WHAT YOU NEED TO DO:
Once the line containing "by rewrite IHS // IHS //= exprS; field." is found in the entries below, reproduce it and every line after it, stopping at and including the line containing "have Xm_inj : injective Xm by move=> a b []."; reproduce nothing else, and keep each line exact.

..............................

(* A quasi-identity e of a left ideal J is automatically a right identity: for
   r in J, s := r - r e satisfies e (a s) = a s for every a, and two uses of the
   C*-identity turn this into s^* s = 0.  Uniqueness then reduces to the fact
   that a contractive idempotent p is self-adjoint.  With k := p^* p and
   t := k - p we have t^* p = 0, so t^* t = t^* (k - p g) and
   ||t|| <= ||k - p g|| for every g.  When g is self-adjoint and commutes with
   k, (k - p g)^* (k - p g) = k (k + g^2 - 2 g); the iterates of
   x |-> (k + x^2) / 2 from 0 approximate 1 - sqrt (1 - k) without needing a
   unit and make this as small as we like, so t = 0.  Right ideals are left
   ideals of the opposite algebra. *)

Section Gap.
Context {R : realType}.

(* [1 - gap n] bounds the norm of the n-th iterate of x |-> (k + x^2) / 2 from 0
   when ||k|| <= 1, because (1 + (1 - d)^2) / 2 = 1 - (d - d^2 / 2). *)
Fixpoint gap (n : nat) : R := if n is m.+1 then gap m - gap m ^+ 2 / 2 else 1.

Lemma gapS n : gap n.+1 = gap n - gap n ^+ 2 / 2.
Proof. by []. Qed.

Lemma gap_ge0_le1 n : 0 <= gap n <= 1.
Proof.
elim: n => [|n /andP[d_ge0 d_le1]]; first by rewrite /= ler01 lexx.
by rewrite gapS; apply/andP; split; nra.
Qed.

Lemma gap_mul_le2 n : gap n * (n%:R + 2) <= 2.
Proof.
elim: n => [|n IHn]; first by rewrite /= mul1r add0r.
have /andP[d_ge0 d_le1] := gap_ge0_le1 n.
have n_ge0 : 0 <= n%:R :> R by [].
rewrite gapS -[n.+1%:R]natr1.
have : 0 <= (2 - gap n * (n%:R + 2)) * (2 - gap n) by apply: mulr_ge0; lra.
have := sqr_ge0 (gap n).
nra.
Qed.

Lemma gap_lb_le0 x : (forall n, x <= gap n) -> x <= 0.
Proof.
move=> x_le; rewrite leNgt; apply/negP => x_gt0.
set N := Num.Def.archi_bound (2 / x).
have := archi_boundP (ltW (divr_gt0 (ltr0n _ 2) x_gt0)); rewrite -/N.
rewrite ltr_pdivrMr // => N_gt.
have := gap_mul_le2 N; have := x_le N.
have N_ge0 : 0 <= N%:R :> R by [].
nra.
Qed.

Lemma gap_step n :
  (gap n - gap n.+1) * (2 - gap n - gap n.+1) / 2 = gap n.+1 - gap n.+2.
Proof. by rewrite !gapS; field. Qed.

End Gap.

(* The norm of a complex normed space is R[i]-valued; [nrm] is its real part.
   It is locked so that [lra] and [nra] treat [nrm x] as an atom. *)
HB.lock Definition nrm (R : realType) (V : normedModType R[i]) (x : V) : R :=
  complex.Re `|x|.
Arguments nrm {R V}.

Section RealNorm.
Context {R : realType} {V : normedModType R[i]}.
Implicit Types x y : V.

Lemma normE x : `|x| = (nrm x)%:C.
Proof. by rewrite nrm.unlock RRe_real // ger0_real. Qed.

Lemma nrm0 : nrm (0 : V) = 0.
Proof. by rewrite nrm.unlock normr0. Qed.

Lemma nrm_ge0 x : 0 <= nrm x.
Proof. by rewrite -ler0c -normE. Qed.

Lemma nrm_eq0 x : nrm x = 0 -> x = 0.
Proof. by move=> x0; apply: normr0_eq0; rewrite normE x0. Qed.

Lemma nrmD x y : nrm (x + y) <= nrm x + nrm y.
Proof. by rewrite -lecR rmorphD /= -!normE ler_normD. Qed.

Lemma nrmZ (a : R) x : 0 <= a -> nrm (a%:C *: x) = a * nrm x.
Proof.
move=> a0; apply: complexI; rewrite rmorphM /= -!normE normrZ ger0_norm //.
by rewrite ler0c.
Qed.
(* Both products of A1 ⊗ A2 are computed factorwise on pure tensors, and by
   bilinearity it suffices to check the axioms there.  Commutativity and
   associativity of the product, as well as the two compatibility conditions,
   then hold factor by factor.  The two anti-pre-Lie identities yield a copy of
   the same identity in each factor plus mixed terms u1 ⊗ u2, where u1 and u2
   are words of the shape x(y∘z), x∘(yz) or (xy)∘z.  The mixed terms cancel
   once each factor is rewritten in normal form, using the consequences
     x∘(yz) = y∘(xz) + [x,y]z,   [x,y]z + [y,z]x + [z,x]y = 0,
     (yz)∘x = (xy)∘z + [z,x]y
   of the compatibility conditions; the first needs 2 ≠ 0, the others 3 ≠ 0. *)

Section Bilinear.
Variables (F : fieldType) (V : lmodType F) (op : V -> V -> V).
Hypothesis op_bilin : bilinear_op op.

Lemma bilinDl x y z : op (x + y) z = op x z + op y z.
Proof. by have := op_bilin.1 1 x y z; rewrite !scale1r. Qed.

Lemma bilinDr x y z : op x (y + z) = op x y + op x z.
Proof. by have := op_bilin.2 1 x y z; rewrite !scale1r. Qed.

Lemma bilin0l z : op 0 z = 0.
Proof. by apply/(addrI (op 0 z)); rewrite -bilinDl !addr0. Qed.

Lemma bilin0r x : op x 0 = 0.
Proof. by apply/(addrI (op x 0)); rewrite -bilinDr !addr0. Qed.

Lemma bilinZl a x z : op (a *: x) z = a *: op x z.
Proof. by have := op_bilin.1 a x 0 z; rewrite addr0 bilin0l addr0. Qed.
Ltac refute_spacing :=
  exfalso;
  match goal with
  | H : sparse ?u, H1 : ?u ?a = true, H2 : ?u ?b = true |- _ =>
      apply: (H a b H1 H2 ltac:(discriminate)); reflexivity
  | H : linked ?u ?v, H1 : ?u ?a = true, H2 : ?v ?b = true |- _ =>
      apply: (H a b H1 H2 ltac:(discriminate)); reflexivity
  | H : apart ?u ?v, H1 : ?u ?a = true, H2 : ?v ?b = true |- _ =>
      apply: (H a b H1 H2); reflexivity
  end.

(* Case analysis on the values of [u] and [v] at the finitely many positions
   the composite can reach; the spacing hypotheses, evaluated at concrete
   positions, rule out every case where the two sides differ. *)
Ltac rot3_cases u v :=
  rewrite /rot3 /rot3V; simpl;
  repeat first
    [ reflexivity | solve [refute_spacing]
    | match goal with
      | |- context [u ?j] =>
          lazymatch j with context [u _] => fail | context [v _] => fail | _ =>
            let H := fresh in destruct (u j) eqn:H; simpl end
      | |- context [v ?j] =>
          lazymatch j with context [u _] => fail | context [v _] => fail | _ =>
            let H := fresh in destruct (v j) eqn:H; simpl end
      end ].

Lemma rot3_commutator u v : sparse u -> sparse v -> linked u v ->
  rot3 v (rot3V u (rot3V v (rot3 u 0))) = rot3 (fun j => u (j - 1) && v (j + 1)) 0 /\
  rot3V u (rot3 v (rot3 u (rot3V v 0))) = rot3V (fun j => u (j - 1) && v (j + 1)) 0.
Proof. by move=> su sv luv; split; rot3_cases u v. Qed.

Lemma rot3_apart u v : sparse u -> sparse v -> apart u v ->
  rot3 v (rot3 u 0) = rot3 (fun j => u j || v j) 0.
Proof. by move=> su sv auv; rot3_cases u v. Qed.

End ThreeCycles.

Lemma map_iota_eq (T : Type) (f h : nat -> T) lo n :
  [seq f k | k <- iota lo n] = [seq h k | k <- iota 0 n] <->
  forall k, (k < n)%N -> f (lo + k)%N = h k.
Proof.
rewrite -{1}(addn0 lo) iotaDl -map_comp -eq_in_map.
by split=> e k; [move=> k_n; apply: e; rewrite mem_iota | rewrite mem_iota => /e].
Qed.
Definition signed_sum {R : realType} {n : nat} (a : n.-tuple bool -> R)
  (d : {ffun n.-tuple bool -> bool}) : R := \sum_x sgnb R (d x) * a x.

Lemma mul_sgnbb {R : realType} (b : bool) : sgnb R b * sgnb R b = 1.
Proof. by case: b; rewrite /= ?mulrNN mulr1. Qed.

Section SignMoments.
Variables (R : realType) (n : nat) (mu : {ffun n.-tuple bool -> bool} -> R).
Hypotheses (mu_unif : uniform_signs mu) (mu_indep : fourwise_indep mu).

Lemma ProbE (A : pred {ffun n.-tuple bool -> bool}) :
  Prob mu A = \sum_d mu d * (A d)%:R.
Proof. by rewrite /Prob big_mkcond; apply: eq_bigr => d _; rewrite mulr_natr mulrb. Qed.

Lemma expect_sum (T : finType) (F : {ffun n.-tuple bool -> bool} -> T -> R) :
  \sum_d mu d * \sum_x F d x = \sum_x \sum_d mu d * F d x.
Proof. by under eq_bigr do rewrite mulr_sumr; exact: exchange_big. Qed.

(* Induction on [S], trading one sign [sgnb b = 2 b - 1] for one bit. *)
Lemma expect_bits_signs (B S : seq (n.-tuple bool)) :
  uniq (B ++ S) -> (size (B ++ S) <= 4)%N ->
  \sum_d mu d * (\prod_(x <- B) (d x)%:R * \prod_(x <- S) sgnb R (d x))
    = 2^-1 ^+ size B * (S == [::])%:R.
Proof.
elim: S B => [|x S IHS] B; rewrite ?cats0 => uniqBS sizeBS.
  have bitsE (d : {ffun n.-tuple bool -> bool}) :
      \prod_(x <- B) ((d x)%:R : R) = (all (fun x => d x == true) B)%:R.
    elim: B {uniqBS sizeBS} => [|y B IHB]; rewrite ?big_nil // big_cons IHB /= eqb_id.
    by case: (d y); rewrite ?mul1r ?mul0r.
  under eq_bigr do rewrite big_nil mulr1 bitsE.
  rewrite -ProbE mu_indep // mulr1 (eq_bigr (fun _ => 2^-1)) => [|y _]; last exact: mu_unif.
  by rewrite big_const_seq count_predT; elim: (size B) => //= m ->; rewrite exprS.
have uniq_xBS : uniq ((x :: B) ++ S) by rewrite -(uniq_catCA B [:: x] S).
have size_xBS : (size ((x :: B) ++ S) <= 4)%N by move: sizeBS; rewrite !size_cat /= addnS.
have uniq_BS : uniq (B ++ S) by case/andP: uniq_xBS.
have size_BS : (size (B ++ S) <= 4)%N by apply: leq_trans size_xBS.
transitivity (2 * \sum_d mu d * (\prod_(y <- x :: B) (d y)%:R * \prod_(y <- S) sgnb R (d y))
              - \sum_d mu d * (\prod_(y <- B) (d y)%:R * \prod_(y <- S) sgnb R (d y))).
  by rewrite mulr_sumr -sumrB; apply: eq_bigr => d _; rewrite !big_cons sgnbE; ring.
by rewrite IHS // IHS //= exprS; field.
Qed.
Lemma FPdim_Xm c : (1 <= c <= h)%N -> f (Xm c) = a - 1.
Proof.
move=> c_range; have a_gt0 : 0 < a by case: f_FPdim => _ f_pos _; apply: f_pos; rewrite mem_basis.
have /(mulIf _) : (f (Xm c)) * (a + 1) = (a - 1) * (a + 1).
  rewrite mulrDr mulr1 FPdim_Xm_Xq // (_ : (a - 1) * (a + 1) = a * a - 1); last by ring.
  by rewrite FPdim_Xq_sqr; ring.
by apply; rewrite gt_eqF // ltr_wpDr ?ler01.
Qed.

Lemma FPdim_Xp c : (1 <= c <= (q - 2)./2)%N -> f (Xp c) = a + 1.
Proof.
move=> c_range; have a_neq1 : a - 1 != 0.
  rewrite -(FPdim_Xm 1) ?half_gt0 //; apply: lt0r_neq0.
  by case: f_FPdim => _ f_pos _; apply: f_pos; rewrite mem_basis half_gt0.
have /(mulIf a_neq1) // : (f (Xp c)) * (a - 1) = (a + 1) * (a - 1).
rewrite mulrBr mulr1 mulrC FPdim_Xq_Xp // (_ : (a + 1) * (a - 1) = a * a - 1); last by ring.
by rewrite FPdim_Xq_sqr; ring.
Qed.

Lemma FPdim_Xq : a = q%:R.
Proof.
have a_gt0 : 0 < a by case: f_FPdim => _ f_pos _; apply: f_pos; rewrite mem_basis.
have sumXmE : sumXm = (a - 1) *+ h.
  rewrite -(sumr_const_iota _ 1); apply: eq_big_seq => c.
  by rewrite mem_iota add1n ltnS => c_range; rewrite FPdim_Xm.
have sumXpE : sumXp = (a + 1) *+ (h - 1).
  rewrite -half_q_sub2 -(sumr_const_iota _ 1); apply: eq_big_seq => c.
  by rewrite mem_iota add1n ltnS => c_range; rewrite FPdim_Xp.
have : a * (a - q%:R) = 0.
  by rewrite mulrBr FPdim_Xq_sqr sumXmE sumXpE mulrn_half_sub1 natr_q_double; ring.
by move/eqP; rewrite mulf_eq0 (gt_eqF a_gt0) subr_eq0 => /eqP.
Qed.

End FPdimUniqueness.

Lemma FPdim_unique f : isFPdim R q f -> forall x, x \in basis q -> f x = (fpd q x)%:R.
Proof.
move=> f_FPdim [|c||c]; rewrite mem_basis /= => c_range.
- by case: f_FPdim.
- by rewrite FPdim_Xm // FPdim_Xq // natr_q_sub1.
- exact: FPdim_Xq.
- by rewrite FPdim_Xp // FPdim_Xq // natr1.
Qed.

Lemma size_basis : size (basis q) = q.+1.
Proof.
rewrite /basis /= size_cat /= !size_map !size_iota half_q_sub2.
by have := q_double; have := half_gt0; lia.
Qed.

Lemma uniq_basis : uniq (basis q).
Proof.
have Xm_inj : injective Xm by move=> a b [].
have Xp_inj : injective Xp by move=> a b [].
have notin_map (F : nat -> lab) x s : (forall c, F c != x) -> x \notin map F s.
  by move=> F_neq; apply/mapP => -[c _ /eqP]; rewrite eq_sym (negPf (F_neq c)).
rewrite /basis cons_uniq mem_cat in_cons cat_uniq /= !map_inj_uniq ?iota_uniq //=.
rewrite !negb_or !notin_map //= andbT.
by apply/hasPn => _ /mapP[c _ ->]; rewrite notin_map.
Qed.

Lemma sum_fpd : (\sum_(x <- basis q) fpd q x ^ 2 = q * (q ^ 2 - 1))%N.
Proof.
rewrite /basis big_cons big_cat big_cons !big_map /= !big_const_seq !count_predT !size_iota.
rewrite !iter_addn_0 half_q_sub2.
by move: half_gt0 q_double; case: h => [|k] // _ ->; nia.
Qed.

End Table.

Theorem theorem4p3 (R : realType) (q : nat) (hq : (2 <= q)%N) (hev : ~~ odd q) :
  [/\ size (basis q) = q.+1,
      uniq (basis q),
      isFPdim R q (fun x => (fpd q x)%:R) /\
        (forall f, isFPdim R q f -> forall x, x \in basis q -> f x = (fpd q x)%:R),
      (\sum_(x <- basis q) (fpd q x) ^ 2 = q * (q ^ 2 - 1))%N &
      (forall x y z, x \in basis q -> y \in basis q -> z \in basis q ->
         fusN R q x y z = (rule q x y z)%:R)].
Proof.
split.
- exact: size_basis.
- exact: uniq_basis.
- by split; [exact: fpd_isFPdim | exact: FPdim_unique].
- exact: sum_fpd.
- exact: fusN_rule.
Qed.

..............................

ANSWER BELOW:
by rewrite IHS // IHS //= exprS; field.
Qed.
Lemma FPdim_Xm c : (1 <= c <= h)%N -> f (Xm c) = a - 1.
Proof.
move=> c_range; have a_gt0 : 0 < a by case: f_FPdim => _ f_pos _; apply: f_pos; rewrite mem_basis.
have /(mulIf _) : (f (Xm c)) * (a + 1) = (a - 1) * (a + 1).
  rewrite mulrDr mulr1 FPdim_Xm_Xq // (_ : (a - 1) * (a + 1) = a * a - 1); last by ring.
  by rewrite FPdim_Xq_sqr; ring.
by apply; rewrite gt_eqF // ltr_wpDr ?ler01.
Qed.

Lemma FPdim_Xp c : (1 <= c <= (q - 2)./2)%N -> f (Xp c) = a + 1.
Proof.
move=> c_range; have a_neq1 : a - 1 != 0.
  rewrite -(FPdim_Xm 1) ?half_gt0 //; apply: lt0r_neq0.
  by case: f_FPdim => _ f_pos _; apply: f_pos; rewrite mem_basis half_gt0.
have /(mulIf a_neq1) // : (f (Xp c)) * (a - 1) = (a + 1) * (a - 1).
rewrite mulrBr mulr1 mulrC FPdim_Xq_Xp // (_ : (a + 1) * (a - 1) = a * a - 1); last by ring.
by rewrite FPdim_Xq_sqr; ring.
Qed.

Lemma FPdim_Xq : a = q%:R.
Proof.
have a_gt0 : 0 < a by case: f_FPdim => _ f_pos _; apply: f_pos; rewrite mem_basis.
have sumXmE : sumXm = (a - 1) *+ h.
  rewrite -(sumr_const_iota _ 1); apply: eq_big_seq => c.
  by rewrite mem_iota add1n ltnS => c_range; rewrite FPdim_Xm.
have sumXpE : sumXp = (a + 1) *+ (h - 1).
  rewrite -half_q_sub2 -(sumr_const_iota _ 1); apply: eq_big_seq => c.
  by rewrite mem_iota add1n ltnS => c_range; rewrite FPdim_Xp.
have : a * (a - q%:R) = 0.
  by rewrite mulrBr FPdim_Xq_sqr sumXmE sumXpE mulrn_half_sub1 natr_q_double; ring.
by move/eqP; rewrite mulf_eq0 (gt_eqF a_gt0) subr_eq0 => /eqP.
Qed.

End FPdimUniqueness.

Lemma FPdim_unique f : isFPdim R q f -> forall x, x \in basis q -> f x = (fpd q x)%:R.
Proof.
move=> f_FPdim [|c||c]; rewrite mem_basis /= => c_range.
- by case: f_FPdim.
- by rewrite FPdim_Xm // FPdim_Xq // natr_q_sub1.
- exact: FPdim_Xq.
- by rewrite FPdim_Xp // FPdim_Xq // natr1.
Qed.

Lemma size_basis : size (basis q) = q.+1.
Proof.
rewrite /basis /= size_cat /= !size_map !size_iota half_q_sub2.
by have := q_double; have := half_gt0; lia.
Qed.

Lemma uniq_basis : uniq (basis q).
Proof.
have Xm_inj : injective Xm by move=> a b [].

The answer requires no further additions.